▸ **Task goal**
Among the records below, find the line that has "(forall B1 B2, A B1 -> A B2 -> disjoint"; from there, give the lines again exactly, and stop after the line that has "is not reflexive.".

Dataset entries:
>>>>
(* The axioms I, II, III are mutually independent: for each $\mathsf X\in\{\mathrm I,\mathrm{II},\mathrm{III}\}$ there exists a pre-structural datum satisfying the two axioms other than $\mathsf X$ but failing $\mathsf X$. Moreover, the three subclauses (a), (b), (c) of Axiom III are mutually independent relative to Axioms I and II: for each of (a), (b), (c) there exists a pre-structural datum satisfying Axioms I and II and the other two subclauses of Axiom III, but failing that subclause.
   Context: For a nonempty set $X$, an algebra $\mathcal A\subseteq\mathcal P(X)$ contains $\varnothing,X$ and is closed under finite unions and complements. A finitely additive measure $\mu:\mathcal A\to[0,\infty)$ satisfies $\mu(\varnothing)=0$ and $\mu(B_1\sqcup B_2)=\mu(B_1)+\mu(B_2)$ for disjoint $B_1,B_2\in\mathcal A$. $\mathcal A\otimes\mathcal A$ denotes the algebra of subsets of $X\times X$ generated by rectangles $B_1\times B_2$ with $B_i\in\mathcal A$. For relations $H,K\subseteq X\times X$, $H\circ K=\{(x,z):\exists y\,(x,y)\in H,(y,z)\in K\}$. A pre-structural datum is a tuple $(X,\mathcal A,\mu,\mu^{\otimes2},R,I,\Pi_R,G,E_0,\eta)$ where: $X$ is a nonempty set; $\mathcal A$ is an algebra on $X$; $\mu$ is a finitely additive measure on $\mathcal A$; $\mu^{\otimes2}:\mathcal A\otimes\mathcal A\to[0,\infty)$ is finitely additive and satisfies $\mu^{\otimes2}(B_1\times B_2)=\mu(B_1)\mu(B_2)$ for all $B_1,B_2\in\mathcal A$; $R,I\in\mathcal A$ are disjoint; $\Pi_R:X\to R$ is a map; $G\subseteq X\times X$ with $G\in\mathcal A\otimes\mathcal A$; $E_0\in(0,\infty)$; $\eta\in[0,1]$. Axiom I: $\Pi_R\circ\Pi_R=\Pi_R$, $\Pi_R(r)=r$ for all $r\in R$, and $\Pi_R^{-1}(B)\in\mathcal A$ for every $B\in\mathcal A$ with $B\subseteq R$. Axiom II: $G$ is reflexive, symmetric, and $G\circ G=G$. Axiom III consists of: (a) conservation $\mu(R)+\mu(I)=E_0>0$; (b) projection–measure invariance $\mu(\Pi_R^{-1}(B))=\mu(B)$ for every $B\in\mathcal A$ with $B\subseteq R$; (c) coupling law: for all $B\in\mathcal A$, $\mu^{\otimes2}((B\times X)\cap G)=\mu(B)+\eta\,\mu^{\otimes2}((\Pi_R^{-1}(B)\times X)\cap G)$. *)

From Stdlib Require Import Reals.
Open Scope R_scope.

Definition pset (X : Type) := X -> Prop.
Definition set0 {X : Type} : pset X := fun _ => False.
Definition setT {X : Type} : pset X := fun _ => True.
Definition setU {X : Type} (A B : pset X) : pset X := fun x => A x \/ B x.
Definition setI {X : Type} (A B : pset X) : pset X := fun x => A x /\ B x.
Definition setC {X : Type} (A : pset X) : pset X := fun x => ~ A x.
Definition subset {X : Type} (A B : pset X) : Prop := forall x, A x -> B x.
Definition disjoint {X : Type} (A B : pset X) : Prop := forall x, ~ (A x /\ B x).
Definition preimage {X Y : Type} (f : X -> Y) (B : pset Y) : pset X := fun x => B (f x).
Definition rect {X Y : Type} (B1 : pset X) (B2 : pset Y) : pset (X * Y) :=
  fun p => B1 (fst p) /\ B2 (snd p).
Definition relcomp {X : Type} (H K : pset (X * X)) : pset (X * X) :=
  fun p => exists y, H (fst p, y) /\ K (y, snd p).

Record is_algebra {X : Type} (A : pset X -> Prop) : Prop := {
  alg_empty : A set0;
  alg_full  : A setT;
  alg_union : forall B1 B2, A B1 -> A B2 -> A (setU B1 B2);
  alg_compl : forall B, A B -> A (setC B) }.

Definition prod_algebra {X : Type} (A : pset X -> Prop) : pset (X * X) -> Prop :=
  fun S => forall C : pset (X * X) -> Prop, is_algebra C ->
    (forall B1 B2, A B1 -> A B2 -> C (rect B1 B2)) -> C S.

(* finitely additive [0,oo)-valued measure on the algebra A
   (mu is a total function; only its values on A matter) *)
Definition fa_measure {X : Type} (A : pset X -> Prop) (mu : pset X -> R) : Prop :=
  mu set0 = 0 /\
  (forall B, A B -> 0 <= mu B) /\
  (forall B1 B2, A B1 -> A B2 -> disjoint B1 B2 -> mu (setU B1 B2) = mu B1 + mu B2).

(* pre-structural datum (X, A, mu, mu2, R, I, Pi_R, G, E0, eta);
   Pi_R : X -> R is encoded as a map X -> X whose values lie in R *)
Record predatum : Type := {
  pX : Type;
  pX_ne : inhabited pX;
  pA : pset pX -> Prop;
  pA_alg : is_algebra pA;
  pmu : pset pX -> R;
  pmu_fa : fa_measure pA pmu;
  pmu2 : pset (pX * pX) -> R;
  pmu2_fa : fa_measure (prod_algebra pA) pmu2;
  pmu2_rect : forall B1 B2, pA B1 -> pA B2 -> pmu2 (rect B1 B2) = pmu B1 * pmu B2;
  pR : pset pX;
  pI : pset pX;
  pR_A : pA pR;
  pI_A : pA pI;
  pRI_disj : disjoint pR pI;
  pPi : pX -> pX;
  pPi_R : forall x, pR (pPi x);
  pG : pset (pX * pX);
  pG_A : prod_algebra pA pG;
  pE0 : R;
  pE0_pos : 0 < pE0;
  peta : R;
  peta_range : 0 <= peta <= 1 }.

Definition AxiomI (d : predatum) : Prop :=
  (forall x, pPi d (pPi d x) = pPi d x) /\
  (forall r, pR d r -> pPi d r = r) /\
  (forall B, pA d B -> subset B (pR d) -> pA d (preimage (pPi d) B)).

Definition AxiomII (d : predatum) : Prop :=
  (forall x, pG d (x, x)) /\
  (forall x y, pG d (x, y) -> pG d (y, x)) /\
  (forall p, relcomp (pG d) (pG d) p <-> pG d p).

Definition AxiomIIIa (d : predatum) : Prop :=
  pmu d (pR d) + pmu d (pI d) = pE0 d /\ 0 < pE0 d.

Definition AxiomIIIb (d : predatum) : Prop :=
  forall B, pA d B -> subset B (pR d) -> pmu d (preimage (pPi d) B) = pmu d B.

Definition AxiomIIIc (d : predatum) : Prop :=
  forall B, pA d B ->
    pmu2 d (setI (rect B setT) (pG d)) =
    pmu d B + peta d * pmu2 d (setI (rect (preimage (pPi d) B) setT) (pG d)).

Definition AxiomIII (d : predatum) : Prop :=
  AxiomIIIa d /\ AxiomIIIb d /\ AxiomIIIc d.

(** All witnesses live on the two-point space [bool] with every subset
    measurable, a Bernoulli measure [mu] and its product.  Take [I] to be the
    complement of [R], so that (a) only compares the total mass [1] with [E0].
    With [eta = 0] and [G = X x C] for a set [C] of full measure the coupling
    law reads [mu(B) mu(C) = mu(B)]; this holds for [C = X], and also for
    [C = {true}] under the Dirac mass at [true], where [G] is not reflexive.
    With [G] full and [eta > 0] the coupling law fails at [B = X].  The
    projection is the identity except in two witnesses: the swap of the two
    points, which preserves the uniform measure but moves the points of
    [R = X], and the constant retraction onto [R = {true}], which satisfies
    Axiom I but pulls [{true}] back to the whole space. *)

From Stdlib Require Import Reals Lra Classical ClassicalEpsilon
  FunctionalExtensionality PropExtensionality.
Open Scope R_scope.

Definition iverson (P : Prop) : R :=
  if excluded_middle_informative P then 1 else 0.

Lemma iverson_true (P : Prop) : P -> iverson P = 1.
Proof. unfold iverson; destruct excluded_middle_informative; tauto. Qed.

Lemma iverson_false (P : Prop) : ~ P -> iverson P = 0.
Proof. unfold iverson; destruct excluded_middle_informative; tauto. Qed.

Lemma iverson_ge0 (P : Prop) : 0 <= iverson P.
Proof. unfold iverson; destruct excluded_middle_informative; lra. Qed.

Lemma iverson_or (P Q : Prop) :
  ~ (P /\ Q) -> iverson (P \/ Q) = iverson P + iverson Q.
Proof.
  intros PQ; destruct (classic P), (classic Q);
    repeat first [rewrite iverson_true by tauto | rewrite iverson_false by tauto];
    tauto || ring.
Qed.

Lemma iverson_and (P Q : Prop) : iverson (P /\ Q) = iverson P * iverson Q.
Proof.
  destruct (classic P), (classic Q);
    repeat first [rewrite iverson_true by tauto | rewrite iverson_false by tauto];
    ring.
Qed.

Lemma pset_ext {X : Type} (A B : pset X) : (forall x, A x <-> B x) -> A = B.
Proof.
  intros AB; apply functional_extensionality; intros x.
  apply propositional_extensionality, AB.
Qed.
<<<<
▸ **Exercise response**
  (forall B1 B2, A B1 -> A B2 -> disjoint B1 B2 -> mu (setU B1 B2) = mu B1 + mu B2).

(* pre-structural datum (X, A, mu, mu2, R, I, Pi_R, G, E0, eta);
   Pi_R : X -> R is encoded as a map X -> X whose values lie in R *)
Record predatum : Type := {
  pX : Type;
  pX_ne : inhabited pX;
  pA : pset pX -> Prop;
  pA_alg : is_algebra pA;
  pmu : pset pX -> R;
  pmu_fa : fa_measure pA pmu;
  pmu2 : pset (pX * pX) -> R;
  pmu2_fa : fa_measure (prod_algebra pA) pmu2;
  pmu2_rect : forall B1 B2, pA B1 -> pA B2 -> pmu2 (rect B1 B2) = pmu B1 * pmu B2;
  pR : pset pX;
  pI : pset pX;
  pR_A : pA pR;
  pI_A : pA pI;
  pRI_disj : disjoint pR pI;
  pPi : pX -> pX;
  pPi_R : forall x, pR (pPi x);
  pG : pset (pX * pX);
  pG_A : prod_algebra pA pG;
  pE0 : R;
  pE0_pos : 0 < pE0;
  peta : R;
  peta_range : 0 <= peta <= 1 }.

Definition AxiomI (d : predatum) : Prop :=
  (forall x, pPi d (pPi d x) = pPi d x) /\
  (forall r, pR d r -> pPi d r = r) /\
  (forall B, pA d B -> subset B (pR d) -> pA d (preimage (pPi d) B)).

Definition AxiomII (d : predatum) : Prop :=
  (forall x, pG d (x, x)) /\
  (forall x y, pG d (x, y) -> pG d (y, x)) /\
  (forall p, relcomp (pG d) (pG d) p <-> pG d p).

Definition AxiomIIIa (d : predatum) : Prop :=
  pmu d (pR d) + pmu d (pI d) = pE0 d /\ 0 < pE0 d.

Definition AxiomIIIb (d : predatum) : Prop :=
  forall B, pA d B -> subset B (pR d) -> pmu d (preimage (pPi d) B) = pmu d B.

Definition AxiomIIIc (d : predatum) : Prop :=
  forall B, pA d B ->
    pmu2 d (setI (rect B setT) (pG d)) =
    pmu d B + peta d * pmu2 d (setI (rect (preimage (pPi d) B) setT) (pG d)).

Definition AxiomIII (d : predatum) : Prop :=
  AxiomIIIa d /\ AxiomIIIb d /\ AxiomIIIc d.

(** All witnesses live on the two-point space [bool] with every subset
    measurable, a Bernoulli measure [mu] and its product.  Take [I] to be the
    complement of [R], so that (a) only compares the total mass [1] with [E0].
    With [eta = 0] and [G = X x C] for a set [C] of full measure the coupling
    law reads [mu(B) mu(C) = mu(B)]; this holds for [C = X], and also for
    [C = {true}] under the Dirac mass at [true], where [G] is not reflexive.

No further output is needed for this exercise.